1832 election In the years leading up to the 1832 election, it was unclear whether Jackson, frequently in poor health, would seek re-election. However, Jackson announced his intention to seek re-election in 1831. Various individuals were considered as possible Democratic vice presidential nominees in the 1832 election, including Van Buren, Judge
Philip P. Barbour, Treasury Secretary McLane, Senator
William Wilkins, Associate Justice John McLean, and even Calhoun. In order to agree on a national ticket, the Democrats held their first
national convention in May 1832. Van Buren emerged as Jackson's preferred running mate after the Eaton affair, and the former Secretary of State won the vice presidential nomination on the first ballot of the
1832 Democratic National Convention. Later that year, on December 28, Calhoun resigned as vice president, after having been elected to the U.S. Senate. In the 1832 election, Jackson would face a divided opposition in the form of the
Anti-Masonic Party and the National Republicans. Since the disappearance and possible murder of
William Morgan in 1827, the Anti-Masonic Party had emerged by capitalizing on opposition to
Freemasonry. In 1830, a meeting of Anti-Masons called for the first national nominating convention, and in September 1831 the fledgling party nominated a national ticket led by
William Wirt of Maryland. In December 1831, the National Republicans convened and nominated a ticket led by Henry Clay. Clay had rejected overtures from the Anti-Masonic Party, and his attempt to convince Calhoun to serve as his running mate failed, leaving the opposition to Jackson split among different leaders. For vice president, the National Republicans nominated
John Sergeant, who had served as an attorney for both the Second Bank of the United States and the Cherokee Nation. The political struggle over the national bank emerged as the major issue of the 1832 campaign, although the tariff and especially Indian removal were also important issues in several states. National Republicans also focused on Jackson's alleged executive tyranny; one cartoon described the president as "
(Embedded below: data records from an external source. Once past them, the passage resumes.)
Lemma edge_isoperimetric f K :
  2 * count_in f K * count_in (fun R => ~~ f R) K <= 2 ^ #|K| * edge_boundary f K.
Proof.
move: {2}#|K| (erefl #|K|) => m; elim: m f K => [|m IH] f K cK.
  by move/cards0_eq: cK => ->; rewrite !count_in_set0; case: (f set0).
have [k kK] : exists k, k \in K by apply/card_gt0P; rewrite cK.
have kK' : k \notin K :\ k by rewrite setD11.
have cK' : #|K :\ k| = m by move: cK; rewrite (cardsD1 k K) kK add1n => -[].
rewrite cK expnS -(setD1K kK) !count_in_setU1 // edge_boundary_setU1 //.
set L := K :\ k in kK' cK' *; set f1 := fun R => f (k |: R).
have IH0 := IH f L cK'; have IH1 := IH f1 L cK'.
have S0 := count_in_compl f L; have S1 := count_in_compl f1 L.
rewrite cK' in IH0 IH1 S0 S1.
set D := \sum_(R : {set T} | R \subset L) _.
have shift0 : count_in f L <= count_in f1 L + D.
  rewrite /count_in /D -big_split /=; apply: leq_sum => R _.
  by rewrite /f1; case: (f R); case: (f (k |: R)).
have shift1 : count_in f1 L <= count_in f L + D.
  rewrite /count_in /D -big_split /=; apply: leq_sum => R _.
  by rewrite /f1; case: (f R); case: (f (k |: R)).
(* With b_i = h - a_i, the claim is 2(a0 + a1)(2h - a0 - a1) <= 2h(D + B0 + B1),
   which follows from the two faces and |a0 - a1| <= D. *)
move: IH0 IH1 S0 S1 shift0 shift1.
move: (count_in f L) (count_in (fun R => ~~ f R) L).
move: (count_in f1 L) (count_in (fun R => ~~ f1 R) L).
move: (2 ^ m) (edge_boundary f L) (edge_boundary f1 L) D => h B0 B1 D a1 b1 a0 b0.
nia.
Qed.

End EdgeIsoperimetry.

Local Open Scope ring_scope.

(* The numerical core: e1, e2 are the swing counts of players 1, 2, c the
   swing count of the others, a, b the sizes of u, v in a cube of size M. *)
Lemma distance_bound (R : realFieldType) (e1 e2 c a b M : R) :
  0 <= e1 -> 0 <= e2 -> 0 <= c -> 0 < M -> 0 <= a -> a <= M -> 0 <= b -> b <= M ->
  e1 + 2 * b = e2 + 2 * a -> e1 + e2 <= 2 * M ->
  2 * a * (M - a) + 2 * b * (M - b) <= M * c ->
  (e1 + e2 + c) / 9 <= `|e1 - 3 / 4 * (e1 + e2 + c)| + `|e2 - 1 / 4 * (e1 + e2 + c)| + c.
Proof.
move=> he1 he2 hc hM ha haM hb hbM balance pair_le iso.
have n1 := ler_norm (e1 - 3 / 4 * (e1 + e2 + c)).
have n2 := ler_norm (e2 - 1 / 4 * (e1 + e2 + c)).
have n1' := ler_norm (- (e1 - 3 / 4 * (e1 + e2 + c))); rewrite normrN in n1'.
have n2' := ler_norm (- (e2 - 1 / 4 * (e1 + e2 + c))); rewrite normrN in n2'.
(* If player 2 swings at least as often as player 1 the bound is easy. *)
have [ab|ba] := lerP b a; last by lra.
(* With d = a - b = (e1 - e2) / 2, the isoperimetric bound gives 2d(M-d) <= cM. *)
have [d d_def] : {d | d = a - b} by exists (a - b).
have iso_d : 2 * d * (M - d) <= c * M.
  have : 0 <= b * (M - a) by apply: mulr_ge0; lra.
  nra.
(* Two regimes: for small d this yields e_K >= 22 d / 25, for large d it
   yields 36 d + 41 e_K >= 26 M; either suffices. *)
have [dsmall|dlarge] := lerP (25 * d) (14 * M).
  have : 0 <= d * (14 * M - 25 * d) by apply: mulr_ge0; lra.
  have : 22 * d * M <= 25 * c * M by nra.
  rewrite ler_pM2r //; lra.
have : 0 <= (25 * d - 14 * M) * (M - d) by apply: mulr_ge0; lra.
have : 0 <= (36 * d - 26 * M + 41 * c) * M by nra.
rewrite pmulr_lge0 //; lra.
Qed.

(* Dividing by the total S = x + y + z; when S = 0 the left side is 1. *)
Lemma normalized_distance_bound (R : realFieldType) (x y z : R) :
  0 <= x -> 0 <= y -> 0 <= z ->
  (x + y + z) / 9 <= `|x - 3 / 4 * (x + y + z)| + `|y - 1 / 4 * (x + y + z)| + z ->
  1 / 9 <= `|x / (x + y + z) - 3 / 4| + `|y / (x + y + z) - 1 / 4| + z / (x + y + z).
Proof.
move=> hx hy hz; set S := x + y + z => bound.
have [S0|S_neq0] := eqVneq S 0.
  rewrite S0 invr0 !mulr0 !sub0r !normrN !ger0_norm ?addr0; lra.
have S_pos : 0 < S by rewrite lt_def S_neq0 /S; lra.
have scale (t r : R) : `|t / S - r| = `|t - r * S| / S.
  by rewrite -[in RHS](mulfVK S_neq0 t) -mulrBl normrM (gtr0_norm S_pos) mulfK.
by rewrite !scale -!mulrDl ler_pdivlMr // mul1r mulrC.
Qed.

Lemma swings_sum (n : nat) (chi : {set 'I_n} -> bool) (i : 'I_n) :
  swings chi i = (\sum_(U : {set 'I_n}) ([&& i \notin U, ~~ chi U & chi (i |: U)] : nat))%N.
Proof. by rewrite /swings -sum1_card big_mkcond /=; apply: eq_bigr => U _; rewrite inE. Qed.

Lemma neq_monotone (x y : bool) : (x -> y) -> (x != y) = ~~ x && y.
Proof. by case: x; case: y => // /(_ isT). Qed.

Section PairDecomposition.
Variables (n : nat) (chi : {set 'I_n} -> bool).
Hypothesis chi_mono : forall U V : {set 'I_n}, U \subset V -> chi U -> chi V.
Variables p q : 'I_n.
Hypothesis p_neq_q : p != q.

Let K : {set 'I_n} := ~: [set p; q].
Let u (R : {set 'I_n}) : bool := chi (p |: R).
Let v (R : {set 'I_n}) : bool := chi (q |: R).
Let w (R : {set 'I_n}) : bool := chi (p |: (q |: R)).

Let p_notin_K : p \notin K. Proof. by rewrite !inE eqxx. Qed.
Let q_notin_K : q \notin K. Proof. by rewrite !inE eqxx orbT. Qed.

Let chi_setU1 (x : 'I_n) (R : {set 'I_n}) : chi R -> chi (x |: R).
Proof. exact/chi_mono/subsetUr. Qed.

Let monotone_faces (R : {set 'I_n}) :
  [/\ chi R -> u R, chi R -> v R, u R -> w R & v R -> w R].
Proof.
split; rewrite /u /v /w; try exact: chi_setU1.
by rewrite setUCA; apply: chi_setU1.
Qed.

Lemma sum_coalitions (F : {set 'I_n} -> nat) : (\sum_(U : {set 'I_n}) F U =
  \sum_(R : {set 'I_n} | R \subset K) (F R + F (p |: R) + F (q |: R) + F (p |: (q |: R))))%N.
Proof.
have p_notin_qK : p \notin q |: K by rewrite !inE eqxx (negPf p_neq_q).
have -> : \sum_(U : {set 'I_n}) F U = (\sum_(U : {set 'I_n} | U \subset p |: (q |: K)) F U)%N.
  apply: eq_bigl => U; apply/esym/subsetP => x _.
  by rewrite !inE; case: (x == p); case: (x == q).
rewrite sum_subsets_setU1 // sum_subsets_setU1 //.
by apply: eq_bigr => R _; rewrite !addnA.
Qed.

Lemma swings_p : swings chi p =
  (\sum_(R : {set 'I_n} | R \subset K) ((~~ chi R && u R : nat) + (~~ v R && w R)))%N.
Proof.
rewrite swings_sum sum_coalitions; apply: eq_bigr => R sRK.
by rewrite (notin_subset p_notin_K sRK) !in_setU1 eqxx (negPf p_neq_q)
  (notin_subset p_notin_K sRK) /= !addn0.
Qed.

Lemma swings_q : swings chi q =
  (\sum_(R : {set 'I_n} | R \subset K) ((~~ chi R && v R : nat) + (~~ u R && w R)))%N.
Proof.
rewrite swings_sum sum_coalitions; apply: eq_bigr => R sRK.
rewrite (notin_subset q_notin_K sRK) !in_setU1 eqxx eq_sym (negPf p_neq_q).
by rewrite (notin_subset q_notin_K sRK) /= !addn0 /w setUCA.
Qed.

Lemma swings_balance :
  (swings chi p + 2 * count_in v K = swings chi q + 2 * count_in u K)%N.
Proof.
rewrite swings_p swings_q /count_in !mul2n -!addnn -!big_split /=.
apply: eq_bigr => R _; case: (monotone_faces R).
by case: (chi R); case: (u R); case: (v R); case: (w R) => //= *; lia.
Qed.

(* (b): per R, at most two of the four p- and q-swings can occur. *)
Lemma swings_pair_le : (swings chi p + swings chi q <= 2 * 2 ^ #|K|)%N.
Proof.
rewrite swings_p swings_q -(count_in_compl u) /count_in mul2n -addnn -!big_split /=.
apply: leq_sum => R _; case: (monotone_faces R).
by case: (chi R); case: (u R); case: (v R); case: (w R) => //= *; lia.
Qed.

(* (c): a boundary edge of u or v in direction k \in K is a swing of k. *)
Lemma boundary_le_swings :
  (edge_boundary u K + edge_boundary v K <= \sum_(k in K) swings chi k)%N.
Proof.
rewrite /edge_boundary -big_split /=; apply: leq_sum => k kK.
rewrite swings_sum sum_coalitions -big_split /=; apply: leq_sum => R _.
have kp : k != p by apply: contraNneq p_notin_K => <-.
have kq : k != q by apply: contraNneq q_notin_K => <-.
rewrite !in_setU1 (negPf kp) (negPf kq) /= /u /v.
rewrite (setUCA [set k] [set p] R) (setUCA [set k] [set q] R).
case: (k \in R) => //=.
have up : chi (p |: R) -> chi (p |: (k |: R)) by rewrite setUCA; apply: chi_setU1.
have vq : chi (q |: R) -> chi (q |: (k |: R)) by rewrite setUCA; apply: chi_setU1.
rewrite (neq_monotone up) (neq_monotone vq).
by apply: leq_trans (leq_addr _ _); rewrite -addnA leq_addl.
Qed.

Lemma total_swings : (\sum_(k < n) swings chi k =
  swings chi p + swings chi q + \sum_(k in K) swings chi k)%N.
Proof.
rewrite (bigD1 p) //= (bigD1 q) 1?eq_sym //= addnA; congr (_ + _).
by apply: eq_bigl => k; rewrite !inE negb_or.
Qed.

Lemma pair_distance_bound (R : realFieldType) :
  let e_p := swings chi p in let e_q := swings chi q in
  let e_K := (\sum_(k in K) swings chi k)%N in
  (1 / 9 <= `|e_p%:R / (e_p + e_q + e_K)%:R - 3 / 4| + `|e_q%:R / (e_p + e_q + e_K)%:R - 1 / 4|
            + e_K%:R / (e_p + e_q + e_K)%:R :> R : Prop).
Proof.
move=> e_p e_q e_K; rewrite !natrD; apply: normalized_distance_bound; rewrite ?ler0n //.
pose a := count_in u K; pose a' := count_in (fun R => ~~ u R) K.
pose b := count_in v K; pose b' := count_in (fun R => ~~ v R) K; pose M := (2 ^ #|K|)%N.
have iso : (2 * a * a' + 2 * b * b' <= M * e_K)%N.
  apply: leq_trans (leq_add (edge_isoperimetric u K) (edge_isoperimetric v K)) _.
  by rewrite -mulnDr leq_mul2l boundary_le_swings orbT.
have iso_R : 2 * a%:R * a'%:R + 2 * b%:R * b'%:R <= M%:R * e_K%:R :> R.
  by rewrite -!natrM -natrD ler_nat.
have sum_a : a%:R + a'%:R = M%:R :> R by rewrite -natrD count_in_compl.
have sum_b : b%:R + b'%:R = M%:R :> R by rewrite -natrD count_in_compl.
have balance : e_p%:R + 2 * b%:R = e_q%:R + 2 * a%:R :> R.
  by rewrite -!natrM -!natrD swings_balance.
have pair_le : e_p%:R + e_q%:R <= 2 * M%:R :> R.
  by rewrite -natrM -natrD ler_nat swings_pair_le.
have M_pos : 0 < M%:R :> R by rewrite ltr0n expn_gt0.
have a'_ge0 := ler0n R a'; have b'_ge0 := ler0n R b'.
apply: (distance_bound (ler0n _ _) (ler0n _ _) (ler0n _ _) M_pos (ler0n _ _) _
         (ler0n _ _) _ balance pair_le); [lra | lra |].
have -> : M%:R - a%:R = a'%:R :> R by lra.
by have -> : M%:R - b%:R = b'%:R :> R by lra.
Qed.

End PairDecomposition.

Lemma banzhaf_distance_split (n : nat) (chi : {set 'I_n} -> bool) (p q : 'I_n) :
  val p = 0%N -> val q = 1%N ->
  \sum_(i < n) `|banzhaf chi i - dvec i| = `|banzhaf chi p - 3 / 4|
    + `|banzhaf chi q - 1 / 4| + \sum_(k in ~: [set p; q]) banzhaf chi k.
Proof.
move=> p0 q1; have p_neq_q : p != q by rewrite -val_eqE p0 q1.
rewrite (bigD1 p) // (bigD1 q) 1?eq_sym //= addrA /dvec p0 q1 /=.
congr (_ + _); apply: eq_big => [k|k]; first by rewrite !inE negb_or.
case/andP=> kp kq; rewrite -val_eqE p0 in kp; rewrite -val_eqE q1 in kq.
by rewrite (negPf kp) (negPf kq) subr0 ger0_norm // divr_ge0.
Qed.

Unset Implicit Arguments.
Theorem mainTheorem7 (n : nat) (hn : (2 <= n)%N) (chi : {set 'I_n} -> bool)
  (hchi : simple_game chi) :
  1%:R / 9%:R <= \sum_(i < n) `|banzhaf chi i - dvec i|.
Proof.
case: hchi => chi_mono _ _.
pose p : 'I_n := Ordinal (ltnW hn); pose q : 'I_n := Ordinal hn.
have p_neq_q : p != q by [].
rewrite (banzhaf_distance_split chi (p := p) (q := q)) //.
rewrite /banzhaf (total_swings chi p_neq_q) -mulr_suml -natr_sum.
exact: pair_distance_bound.
Qed.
King Andrew the First." At Biddle's direction, the national bank poured thousands of dollars into the campaign to defeat Jackson, seemingly confirming Jackson's view that it interfered in the political process. On July 21, Clay said privately, "The campaign is over, and I think we have won the victory." Jackson, however, managed to successfully portray his veto of the national bank recharter as a defense of the common man against governmental tyranny. Clay proved to be no match for Jackson's popularity and the Democratic Party's skillful campaigning. Jackson won the election by a landslide, winning 219 electoral votes, well over the 145 needed. Jackson won 54.2 percent of the popular vote nationwide, a slight decline from his 1828 popular vote victory. Jackson received 88 percent of the popular vote in states south of Kentucky and Maryland, while Clay received no votes in Georgia, Alabama, or Mississippi. Clay received 37% of the popular vote and 49 electoral votes, whereas Wirt received 8% of the vote and seven electoral votes. The South Carolina legislature awarded the state's electoral votes to states' rights advocate
John Floyd. Despite Jackson's victory in the presidential election, his allies lost control of the Senate.
Removal of deposits and censure Jackson's victory in the 1832 election meant that he could veto an extension of the national bank's charter before that charter expired in 1836. Though a congressional override of his veto was unlikely, Jackson still wanted to ensure that the national bank would be abolished. His administration was unable to legally remove federal deposits from the national bank unless the Secretary of the Treasury issued an official finding that the national bank was a fiscally unsound institution, but the national bank was clearly solvent. In January 1833, at the height of the Nullification Crisis, Congressman
James K. Polk introduced a bill that would provide for the removal of the federal government's deposits from the national bank, but it was quickly defeated. Following the end of the Nullification Crisis in March 1833, Jackson renewed his offensive against the national bank, despite some opposition from within his own cabinet. Throughout mid-1833, Jackson made preparations to remove federal deposits from the national bank, sending Amos Kendall to meet with the leaders of various banks to see whether they would accept federal deposits. Jackson ordered Secretary of the Treasury William Duane to remove existing federal deposits from the national bank, but Duane refused to issue a finding that the federal government's deposits in the national bank were unsafe. In response, Jackson replaced Duane with Roger Taney, who received an interim appointment. Rather than removing existing deposits from the national bank, Taney and Jackson pursued a new policy in which the government would deposit future revenue elsewhere, while paying all expenses from its deposits with the national bank. The Jackson administration placed government deposits in a variety of state banks which were friendly to the administration's policies; critics labeled these banks as "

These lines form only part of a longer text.